* TRY IT *
The required output is the lines below from the line containing "From mathcomp Require Import reals complex." to the line containing "Proof. by rewrite /qform mulmx1", inclusive, retyped exactly. No other lines belong in it.

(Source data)
□ □ □
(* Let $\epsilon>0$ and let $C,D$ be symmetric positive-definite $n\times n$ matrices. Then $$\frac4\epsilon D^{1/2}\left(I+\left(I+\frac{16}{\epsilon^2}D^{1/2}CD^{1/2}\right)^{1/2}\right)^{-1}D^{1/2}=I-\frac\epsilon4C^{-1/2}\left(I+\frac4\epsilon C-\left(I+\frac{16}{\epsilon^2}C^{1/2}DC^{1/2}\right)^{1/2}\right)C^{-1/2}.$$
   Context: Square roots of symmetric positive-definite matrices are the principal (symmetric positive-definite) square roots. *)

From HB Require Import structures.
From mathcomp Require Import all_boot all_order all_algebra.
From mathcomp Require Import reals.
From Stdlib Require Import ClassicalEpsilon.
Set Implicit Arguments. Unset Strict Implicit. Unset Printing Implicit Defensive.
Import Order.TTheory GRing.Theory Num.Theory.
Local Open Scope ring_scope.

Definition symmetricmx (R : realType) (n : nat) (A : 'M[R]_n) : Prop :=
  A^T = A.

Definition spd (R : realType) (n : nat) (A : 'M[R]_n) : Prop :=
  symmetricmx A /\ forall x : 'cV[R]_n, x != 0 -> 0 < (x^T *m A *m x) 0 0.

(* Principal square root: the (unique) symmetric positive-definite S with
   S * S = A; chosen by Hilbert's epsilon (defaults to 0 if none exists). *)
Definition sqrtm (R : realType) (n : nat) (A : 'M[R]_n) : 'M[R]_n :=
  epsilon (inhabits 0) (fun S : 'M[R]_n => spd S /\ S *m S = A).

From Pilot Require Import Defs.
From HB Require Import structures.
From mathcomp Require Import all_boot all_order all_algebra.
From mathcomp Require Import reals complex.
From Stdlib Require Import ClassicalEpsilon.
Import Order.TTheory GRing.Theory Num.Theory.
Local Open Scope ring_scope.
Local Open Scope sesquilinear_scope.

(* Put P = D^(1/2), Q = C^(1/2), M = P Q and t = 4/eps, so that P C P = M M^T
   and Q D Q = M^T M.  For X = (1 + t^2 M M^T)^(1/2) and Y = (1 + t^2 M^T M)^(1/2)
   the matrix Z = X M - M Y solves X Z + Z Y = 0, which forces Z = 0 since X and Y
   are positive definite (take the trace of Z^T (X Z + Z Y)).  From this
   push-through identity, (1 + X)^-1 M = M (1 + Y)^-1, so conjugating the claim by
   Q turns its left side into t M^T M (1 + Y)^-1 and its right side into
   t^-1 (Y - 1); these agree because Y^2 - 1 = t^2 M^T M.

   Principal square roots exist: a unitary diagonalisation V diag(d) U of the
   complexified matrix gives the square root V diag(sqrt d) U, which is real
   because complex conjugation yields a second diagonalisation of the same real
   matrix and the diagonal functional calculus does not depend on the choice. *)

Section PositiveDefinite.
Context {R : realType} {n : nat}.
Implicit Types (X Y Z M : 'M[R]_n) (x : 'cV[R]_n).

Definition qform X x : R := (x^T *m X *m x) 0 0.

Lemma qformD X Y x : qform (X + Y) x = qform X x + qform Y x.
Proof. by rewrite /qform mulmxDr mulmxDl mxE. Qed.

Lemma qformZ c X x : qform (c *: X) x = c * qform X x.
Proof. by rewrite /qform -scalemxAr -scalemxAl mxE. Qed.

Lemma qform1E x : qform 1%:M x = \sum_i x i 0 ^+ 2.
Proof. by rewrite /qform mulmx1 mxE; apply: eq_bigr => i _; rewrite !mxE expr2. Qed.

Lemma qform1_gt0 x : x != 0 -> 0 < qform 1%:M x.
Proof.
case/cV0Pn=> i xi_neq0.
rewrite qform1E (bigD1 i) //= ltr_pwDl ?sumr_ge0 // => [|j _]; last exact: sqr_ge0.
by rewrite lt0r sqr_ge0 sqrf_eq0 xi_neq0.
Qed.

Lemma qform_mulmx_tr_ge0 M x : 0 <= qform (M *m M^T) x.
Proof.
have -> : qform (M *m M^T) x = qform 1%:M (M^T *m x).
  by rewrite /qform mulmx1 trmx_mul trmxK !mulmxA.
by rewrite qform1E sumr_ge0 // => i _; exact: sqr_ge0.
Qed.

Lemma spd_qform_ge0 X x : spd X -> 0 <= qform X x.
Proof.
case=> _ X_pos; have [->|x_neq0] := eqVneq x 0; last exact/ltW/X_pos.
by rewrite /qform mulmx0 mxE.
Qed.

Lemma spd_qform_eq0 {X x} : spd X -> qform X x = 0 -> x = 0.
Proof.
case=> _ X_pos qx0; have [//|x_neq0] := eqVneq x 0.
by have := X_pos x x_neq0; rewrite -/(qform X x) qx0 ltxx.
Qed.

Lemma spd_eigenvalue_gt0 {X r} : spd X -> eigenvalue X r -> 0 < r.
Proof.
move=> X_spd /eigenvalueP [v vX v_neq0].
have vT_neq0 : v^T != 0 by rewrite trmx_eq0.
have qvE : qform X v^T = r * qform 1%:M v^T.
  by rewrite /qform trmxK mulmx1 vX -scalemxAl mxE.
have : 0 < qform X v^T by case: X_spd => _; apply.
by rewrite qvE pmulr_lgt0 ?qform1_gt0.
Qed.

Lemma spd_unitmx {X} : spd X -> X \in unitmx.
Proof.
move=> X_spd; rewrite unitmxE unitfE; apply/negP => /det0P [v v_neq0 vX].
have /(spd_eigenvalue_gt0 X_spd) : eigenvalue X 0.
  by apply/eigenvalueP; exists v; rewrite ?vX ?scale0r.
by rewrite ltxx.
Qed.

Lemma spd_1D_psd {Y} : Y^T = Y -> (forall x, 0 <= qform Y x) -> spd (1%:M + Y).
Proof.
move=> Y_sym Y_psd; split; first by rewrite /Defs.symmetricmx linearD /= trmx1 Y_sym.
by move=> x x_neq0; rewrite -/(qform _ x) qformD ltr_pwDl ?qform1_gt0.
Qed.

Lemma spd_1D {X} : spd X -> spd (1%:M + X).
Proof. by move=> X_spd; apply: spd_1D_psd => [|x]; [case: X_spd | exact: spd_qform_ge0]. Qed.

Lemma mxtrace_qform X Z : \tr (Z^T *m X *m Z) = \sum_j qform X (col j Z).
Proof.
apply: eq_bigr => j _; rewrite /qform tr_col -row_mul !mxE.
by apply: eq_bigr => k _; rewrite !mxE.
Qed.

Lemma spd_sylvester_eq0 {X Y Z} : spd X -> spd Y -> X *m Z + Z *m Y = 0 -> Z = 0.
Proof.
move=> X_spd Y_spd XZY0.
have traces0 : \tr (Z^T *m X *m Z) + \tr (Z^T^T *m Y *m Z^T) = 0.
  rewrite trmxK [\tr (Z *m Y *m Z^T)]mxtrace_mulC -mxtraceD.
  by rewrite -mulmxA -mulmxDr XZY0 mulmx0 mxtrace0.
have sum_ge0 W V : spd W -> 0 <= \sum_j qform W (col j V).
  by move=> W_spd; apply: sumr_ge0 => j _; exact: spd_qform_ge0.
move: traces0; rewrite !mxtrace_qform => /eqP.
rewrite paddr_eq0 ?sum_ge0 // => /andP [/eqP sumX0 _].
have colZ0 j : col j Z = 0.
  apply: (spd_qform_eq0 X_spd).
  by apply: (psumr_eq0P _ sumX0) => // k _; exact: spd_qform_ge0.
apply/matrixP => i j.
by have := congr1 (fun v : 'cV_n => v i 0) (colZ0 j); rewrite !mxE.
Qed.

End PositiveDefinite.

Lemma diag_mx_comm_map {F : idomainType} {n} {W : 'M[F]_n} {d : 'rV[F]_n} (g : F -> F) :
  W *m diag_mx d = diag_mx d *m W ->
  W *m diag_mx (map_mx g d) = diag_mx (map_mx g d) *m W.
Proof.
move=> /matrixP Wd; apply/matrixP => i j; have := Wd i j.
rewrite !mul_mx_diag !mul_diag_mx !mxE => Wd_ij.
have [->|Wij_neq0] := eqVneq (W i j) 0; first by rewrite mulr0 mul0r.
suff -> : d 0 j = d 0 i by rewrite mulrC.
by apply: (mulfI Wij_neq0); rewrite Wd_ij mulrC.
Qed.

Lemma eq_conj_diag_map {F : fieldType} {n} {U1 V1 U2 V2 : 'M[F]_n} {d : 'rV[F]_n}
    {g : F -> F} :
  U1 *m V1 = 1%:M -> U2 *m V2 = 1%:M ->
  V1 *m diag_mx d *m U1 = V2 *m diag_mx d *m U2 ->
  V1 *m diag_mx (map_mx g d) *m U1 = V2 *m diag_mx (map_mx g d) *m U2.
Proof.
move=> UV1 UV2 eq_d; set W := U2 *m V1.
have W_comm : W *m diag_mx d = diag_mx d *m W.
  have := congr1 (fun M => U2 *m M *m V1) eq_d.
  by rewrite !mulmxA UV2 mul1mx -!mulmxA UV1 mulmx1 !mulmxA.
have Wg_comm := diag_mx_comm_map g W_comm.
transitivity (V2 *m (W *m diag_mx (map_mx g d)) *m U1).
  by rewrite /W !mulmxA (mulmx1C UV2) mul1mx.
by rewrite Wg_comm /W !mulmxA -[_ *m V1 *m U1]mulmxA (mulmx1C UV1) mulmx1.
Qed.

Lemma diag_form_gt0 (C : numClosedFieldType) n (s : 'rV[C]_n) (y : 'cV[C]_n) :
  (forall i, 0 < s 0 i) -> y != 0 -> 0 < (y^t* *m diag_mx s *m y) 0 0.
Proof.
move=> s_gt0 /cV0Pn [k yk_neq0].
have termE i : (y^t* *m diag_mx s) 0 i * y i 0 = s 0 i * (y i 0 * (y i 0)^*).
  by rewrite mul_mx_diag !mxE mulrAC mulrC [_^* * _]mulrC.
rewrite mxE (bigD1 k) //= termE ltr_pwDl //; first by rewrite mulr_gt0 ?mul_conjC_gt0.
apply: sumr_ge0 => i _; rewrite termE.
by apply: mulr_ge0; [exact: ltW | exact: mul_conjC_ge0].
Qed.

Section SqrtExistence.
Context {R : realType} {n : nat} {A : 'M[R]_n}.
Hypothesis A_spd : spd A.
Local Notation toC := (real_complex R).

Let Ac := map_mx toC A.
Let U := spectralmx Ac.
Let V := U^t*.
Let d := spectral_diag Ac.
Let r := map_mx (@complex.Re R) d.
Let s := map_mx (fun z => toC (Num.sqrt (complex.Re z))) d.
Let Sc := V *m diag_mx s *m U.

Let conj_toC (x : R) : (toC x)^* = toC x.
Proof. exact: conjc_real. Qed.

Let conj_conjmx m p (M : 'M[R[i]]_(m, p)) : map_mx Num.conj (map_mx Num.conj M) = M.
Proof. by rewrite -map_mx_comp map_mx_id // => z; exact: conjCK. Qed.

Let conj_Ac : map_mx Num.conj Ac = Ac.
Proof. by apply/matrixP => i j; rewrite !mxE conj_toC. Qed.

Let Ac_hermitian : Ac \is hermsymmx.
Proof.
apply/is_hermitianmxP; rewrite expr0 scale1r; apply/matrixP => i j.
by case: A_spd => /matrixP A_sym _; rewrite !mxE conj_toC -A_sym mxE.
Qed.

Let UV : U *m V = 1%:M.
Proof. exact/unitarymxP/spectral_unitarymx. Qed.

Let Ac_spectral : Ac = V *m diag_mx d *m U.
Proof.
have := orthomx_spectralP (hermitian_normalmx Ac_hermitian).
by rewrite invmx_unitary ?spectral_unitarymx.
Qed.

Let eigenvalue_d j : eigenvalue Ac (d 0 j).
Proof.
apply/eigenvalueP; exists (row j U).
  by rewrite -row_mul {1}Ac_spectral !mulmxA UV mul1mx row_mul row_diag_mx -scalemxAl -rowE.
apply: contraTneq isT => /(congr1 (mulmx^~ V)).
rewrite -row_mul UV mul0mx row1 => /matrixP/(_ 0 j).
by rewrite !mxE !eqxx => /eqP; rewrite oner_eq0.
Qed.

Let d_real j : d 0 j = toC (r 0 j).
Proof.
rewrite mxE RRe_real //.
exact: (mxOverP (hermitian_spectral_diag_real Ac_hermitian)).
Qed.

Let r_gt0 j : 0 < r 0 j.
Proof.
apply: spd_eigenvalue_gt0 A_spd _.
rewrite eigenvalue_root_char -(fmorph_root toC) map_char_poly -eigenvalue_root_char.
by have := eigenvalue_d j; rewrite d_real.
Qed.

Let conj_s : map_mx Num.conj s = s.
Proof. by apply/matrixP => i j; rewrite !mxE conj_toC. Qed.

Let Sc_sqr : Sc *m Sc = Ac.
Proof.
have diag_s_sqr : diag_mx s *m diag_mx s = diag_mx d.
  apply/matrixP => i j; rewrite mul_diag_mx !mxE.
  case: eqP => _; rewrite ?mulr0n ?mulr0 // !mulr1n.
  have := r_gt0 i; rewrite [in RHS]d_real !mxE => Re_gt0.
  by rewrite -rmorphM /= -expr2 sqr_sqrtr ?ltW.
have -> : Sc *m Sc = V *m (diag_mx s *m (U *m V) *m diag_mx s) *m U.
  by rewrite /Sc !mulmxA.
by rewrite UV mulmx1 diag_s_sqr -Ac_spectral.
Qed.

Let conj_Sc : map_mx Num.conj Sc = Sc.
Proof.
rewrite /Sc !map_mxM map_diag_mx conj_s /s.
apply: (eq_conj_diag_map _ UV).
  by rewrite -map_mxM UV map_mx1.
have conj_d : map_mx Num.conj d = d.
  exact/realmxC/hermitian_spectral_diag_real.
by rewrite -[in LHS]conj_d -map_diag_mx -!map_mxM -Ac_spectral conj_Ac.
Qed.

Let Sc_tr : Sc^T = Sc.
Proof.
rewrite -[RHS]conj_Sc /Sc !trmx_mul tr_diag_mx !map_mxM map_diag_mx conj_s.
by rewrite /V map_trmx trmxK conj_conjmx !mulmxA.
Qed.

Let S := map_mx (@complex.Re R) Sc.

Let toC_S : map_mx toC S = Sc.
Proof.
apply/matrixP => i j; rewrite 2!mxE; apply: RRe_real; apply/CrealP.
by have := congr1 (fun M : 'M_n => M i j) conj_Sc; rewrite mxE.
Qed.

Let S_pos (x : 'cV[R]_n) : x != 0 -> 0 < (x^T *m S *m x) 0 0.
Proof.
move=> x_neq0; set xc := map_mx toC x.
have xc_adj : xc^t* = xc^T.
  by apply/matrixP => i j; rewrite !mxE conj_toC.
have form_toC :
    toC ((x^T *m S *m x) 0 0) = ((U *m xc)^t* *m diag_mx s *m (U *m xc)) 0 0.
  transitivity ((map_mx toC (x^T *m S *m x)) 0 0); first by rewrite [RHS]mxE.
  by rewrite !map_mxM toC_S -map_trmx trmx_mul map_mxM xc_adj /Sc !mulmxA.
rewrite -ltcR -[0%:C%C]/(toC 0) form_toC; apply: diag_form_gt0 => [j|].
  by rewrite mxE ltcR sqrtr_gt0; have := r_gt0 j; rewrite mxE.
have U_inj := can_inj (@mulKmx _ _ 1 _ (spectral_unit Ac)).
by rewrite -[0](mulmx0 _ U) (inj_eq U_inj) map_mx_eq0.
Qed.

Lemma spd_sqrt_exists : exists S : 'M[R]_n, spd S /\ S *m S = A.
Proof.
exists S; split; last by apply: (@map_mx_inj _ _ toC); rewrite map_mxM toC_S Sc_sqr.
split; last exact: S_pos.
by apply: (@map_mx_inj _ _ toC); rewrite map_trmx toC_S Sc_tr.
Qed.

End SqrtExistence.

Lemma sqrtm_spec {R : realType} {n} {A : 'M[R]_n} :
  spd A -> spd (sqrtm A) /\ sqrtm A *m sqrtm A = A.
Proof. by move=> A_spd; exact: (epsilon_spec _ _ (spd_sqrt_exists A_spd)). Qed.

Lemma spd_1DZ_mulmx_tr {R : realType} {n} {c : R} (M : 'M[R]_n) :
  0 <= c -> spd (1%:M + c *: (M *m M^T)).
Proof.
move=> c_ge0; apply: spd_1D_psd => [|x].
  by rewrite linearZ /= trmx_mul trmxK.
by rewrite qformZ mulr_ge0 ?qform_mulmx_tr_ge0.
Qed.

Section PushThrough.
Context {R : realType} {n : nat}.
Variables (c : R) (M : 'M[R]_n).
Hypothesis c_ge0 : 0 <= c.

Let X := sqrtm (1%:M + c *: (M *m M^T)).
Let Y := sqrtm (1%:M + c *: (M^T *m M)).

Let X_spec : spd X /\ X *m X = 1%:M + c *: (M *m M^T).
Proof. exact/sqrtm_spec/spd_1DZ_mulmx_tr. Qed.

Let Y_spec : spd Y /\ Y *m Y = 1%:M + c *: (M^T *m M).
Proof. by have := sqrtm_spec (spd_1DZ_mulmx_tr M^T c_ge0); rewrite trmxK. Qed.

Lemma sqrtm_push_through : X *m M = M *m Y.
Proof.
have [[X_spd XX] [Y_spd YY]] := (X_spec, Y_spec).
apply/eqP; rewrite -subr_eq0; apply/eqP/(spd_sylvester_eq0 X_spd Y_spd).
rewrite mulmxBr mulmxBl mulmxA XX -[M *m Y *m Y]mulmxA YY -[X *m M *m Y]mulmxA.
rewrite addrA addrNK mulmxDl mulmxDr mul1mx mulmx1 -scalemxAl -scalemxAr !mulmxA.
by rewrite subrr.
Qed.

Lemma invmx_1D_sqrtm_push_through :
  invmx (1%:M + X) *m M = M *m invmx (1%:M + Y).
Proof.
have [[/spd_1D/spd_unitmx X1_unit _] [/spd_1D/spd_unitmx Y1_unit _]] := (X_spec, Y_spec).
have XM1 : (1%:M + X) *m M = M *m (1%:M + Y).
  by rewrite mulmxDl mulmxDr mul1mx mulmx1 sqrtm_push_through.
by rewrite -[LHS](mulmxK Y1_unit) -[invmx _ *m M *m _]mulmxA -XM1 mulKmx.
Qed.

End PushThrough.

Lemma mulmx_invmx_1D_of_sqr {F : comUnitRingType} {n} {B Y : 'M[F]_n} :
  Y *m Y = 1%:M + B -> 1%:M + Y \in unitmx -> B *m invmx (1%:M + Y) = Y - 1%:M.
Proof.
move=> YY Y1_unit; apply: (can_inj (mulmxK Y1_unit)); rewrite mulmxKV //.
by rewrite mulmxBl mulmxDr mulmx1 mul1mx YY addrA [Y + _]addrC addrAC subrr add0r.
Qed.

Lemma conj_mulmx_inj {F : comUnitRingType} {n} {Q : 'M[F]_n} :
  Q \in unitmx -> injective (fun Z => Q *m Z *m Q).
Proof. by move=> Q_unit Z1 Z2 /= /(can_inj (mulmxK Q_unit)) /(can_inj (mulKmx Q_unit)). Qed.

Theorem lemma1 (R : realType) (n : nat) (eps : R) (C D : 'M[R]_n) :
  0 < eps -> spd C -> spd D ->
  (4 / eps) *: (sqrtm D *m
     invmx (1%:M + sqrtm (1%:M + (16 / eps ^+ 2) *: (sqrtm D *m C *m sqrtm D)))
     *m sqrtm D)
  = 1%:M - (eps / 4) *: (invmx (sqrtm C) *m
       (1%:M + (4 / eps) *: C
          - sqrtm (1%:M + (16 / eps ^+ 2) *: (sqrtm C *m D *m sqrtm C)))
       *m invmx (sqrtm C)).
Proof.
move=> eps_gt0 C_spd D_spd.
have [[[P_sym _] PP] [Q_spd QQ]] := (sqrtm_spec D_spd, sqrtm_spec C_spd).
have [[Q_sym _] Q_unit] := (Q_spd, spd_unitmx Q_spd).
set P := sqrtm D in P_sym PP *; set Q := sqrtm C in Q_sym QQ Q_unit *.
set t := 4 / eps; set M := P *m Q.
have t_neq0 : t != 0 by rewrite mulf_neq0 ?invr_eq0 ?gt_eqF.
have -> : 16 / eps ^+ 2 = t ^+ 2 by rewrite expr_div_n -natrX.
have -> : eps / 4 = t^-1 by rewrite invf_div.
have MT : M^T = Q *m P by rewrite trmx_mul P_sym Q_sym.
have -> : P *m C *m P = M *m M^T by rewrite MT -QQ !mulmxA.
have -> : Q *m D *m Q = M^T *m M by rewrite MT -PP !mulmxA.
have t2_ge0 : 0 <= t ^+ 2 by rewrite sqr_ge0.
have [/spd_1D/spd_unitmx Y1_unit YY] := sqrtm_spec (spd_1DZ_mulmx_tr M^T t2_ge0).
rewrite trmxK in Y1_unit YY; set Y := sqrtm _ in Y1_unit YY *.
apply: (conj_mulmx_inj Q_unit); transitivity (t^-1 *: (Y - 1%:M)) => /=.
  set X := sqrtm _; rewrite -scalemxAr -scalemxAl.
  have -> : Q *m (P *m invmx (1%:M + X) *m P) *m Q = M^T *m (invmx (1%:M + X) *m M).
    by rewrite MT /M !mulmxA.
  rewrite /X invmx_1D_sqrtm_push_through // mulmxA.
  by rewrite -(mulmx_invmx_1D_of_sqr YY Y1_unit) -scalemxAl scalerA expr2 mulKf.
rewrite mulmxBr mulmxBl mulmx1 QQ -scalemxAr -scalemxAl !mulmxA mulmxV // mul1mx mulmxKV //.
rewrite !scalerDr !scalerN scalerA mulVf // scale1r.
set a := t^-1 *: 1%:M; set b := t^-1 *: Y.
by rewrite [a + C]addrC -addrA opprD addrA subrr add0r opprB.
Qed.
□ □ □
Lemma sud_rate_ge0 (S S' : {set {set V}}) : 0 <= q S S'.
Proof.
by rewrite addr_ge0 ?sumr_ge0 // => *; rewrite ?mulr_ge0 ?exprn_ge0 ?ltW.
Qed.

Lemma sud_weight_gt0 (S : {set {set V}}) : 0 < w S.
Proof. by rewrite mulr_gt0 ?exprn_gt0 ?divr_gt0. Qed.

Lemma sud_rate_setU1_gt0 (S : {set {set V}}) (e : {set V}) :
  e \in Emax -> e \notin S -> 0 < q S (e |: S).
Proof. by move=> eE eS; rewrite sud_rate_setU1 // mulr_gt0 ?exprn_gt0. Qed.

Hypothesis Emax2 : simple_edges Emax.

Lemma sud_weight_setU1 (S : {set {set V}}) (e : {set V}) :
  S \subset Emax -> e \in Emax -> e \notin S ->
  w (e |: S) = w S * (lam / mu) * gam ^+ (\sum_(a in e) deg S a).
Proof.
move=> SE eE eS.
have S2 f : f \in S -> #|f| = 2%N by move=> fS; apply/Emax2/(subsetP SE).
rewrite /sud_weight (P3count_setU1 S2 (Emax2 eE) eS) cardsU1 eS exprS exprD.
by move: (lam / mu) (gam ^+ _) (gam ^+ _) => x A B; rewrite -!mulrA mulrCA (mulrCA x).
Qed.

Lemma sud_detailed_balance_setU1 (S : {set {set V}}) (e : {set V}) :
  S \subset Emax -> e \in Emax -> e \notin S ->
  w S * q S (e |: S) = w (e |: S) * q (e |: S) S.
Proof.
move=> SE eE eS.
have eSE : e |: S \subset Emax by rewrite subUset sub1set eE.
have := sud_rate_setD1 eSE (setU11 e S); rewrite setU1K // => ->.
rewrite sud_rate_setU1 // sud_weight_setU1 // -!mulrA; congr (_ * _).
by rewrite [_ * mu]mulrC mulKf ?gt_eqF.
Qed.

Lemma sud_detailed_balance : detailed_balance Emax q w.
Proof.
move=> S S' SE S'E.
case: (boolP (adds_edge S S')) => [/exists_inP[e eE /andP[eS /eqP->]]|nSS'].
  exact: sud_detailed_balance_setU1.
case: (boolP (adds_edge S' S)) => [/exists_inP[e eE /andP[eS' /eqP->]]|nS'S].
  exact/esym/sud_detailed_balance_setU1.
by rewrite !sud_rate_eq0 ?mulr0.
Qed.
□ □ □
* EXERCISE RESPONSE *
From mathcomp Require Import reals complex.
From Stdlib Require Import ClassicalEpsilon.
Import Order.TTheory GRing.Theory Num.Theory.
Local Open Scope ring_scope.
Local Open Scope sesquilinear_scope.

(* Put P = D^(1/2), Q = C^(1/2), M = P Q and t = 4/eps, so that P C P = M M^T
   and Q D Q = M^T M.  For X = (1 + t^2 M M^T)^(1/2) and Y = (1 + t^2 M^T M)^(1/2)
   the matrix Z = X M - M Y solves X Z + Z Y = 0, which forces Z = 0 since X and Y
   are positive definite (take the trace of Z^T (X Z + Z Y)).  From this
   push-through identity, (1 + X)^-1 M = M (1 + Y)^-1, so conjugating the claim by
   Q turns its left side into t M^T M (1 + Y)^-1 and its right side into
   t^-1 (Y - 1); these agree because Y^2 - 1 = t^2 M^T M.

   Principal square roots exist: a unitary diagonalisation V diag(d) U of the
   complexified matrix gives the square root V diag(sqrt d) U, which is real
   because complex conjugation yields a second diagonalisation of the same real
   matrix and the diagonal functional calculus does not depend on the choice. *)

Section PositiveDefinite.
Context {R : realType} {n : nat}.
Implicit Types (X Y Z M : 'M[R]_n) (x : 'cV[R]_n).

Definition qform X x : R := (x^T *m X *m x) 0 0.

Lemma qformD X Y x : qform (X + Y) x = qform X x + qform Y x.
Proof. by rewrite /qform mulmxDr mulmxDl mxE. Qed.

Lemma qformZ c X x : qform (c *: X) x = c * qform X x.
Proof. by rewrite /qform -scalemxAr -scalemxAl mxE. Qed.

Lemma qform1E x : qform 1%:M x = \sum_i x i 0 ^+ 2.
Proof. by rewrite /qform mulmx1 mxE; apply: eq_bigr => i _; rewrite !mxE expr2. Qed.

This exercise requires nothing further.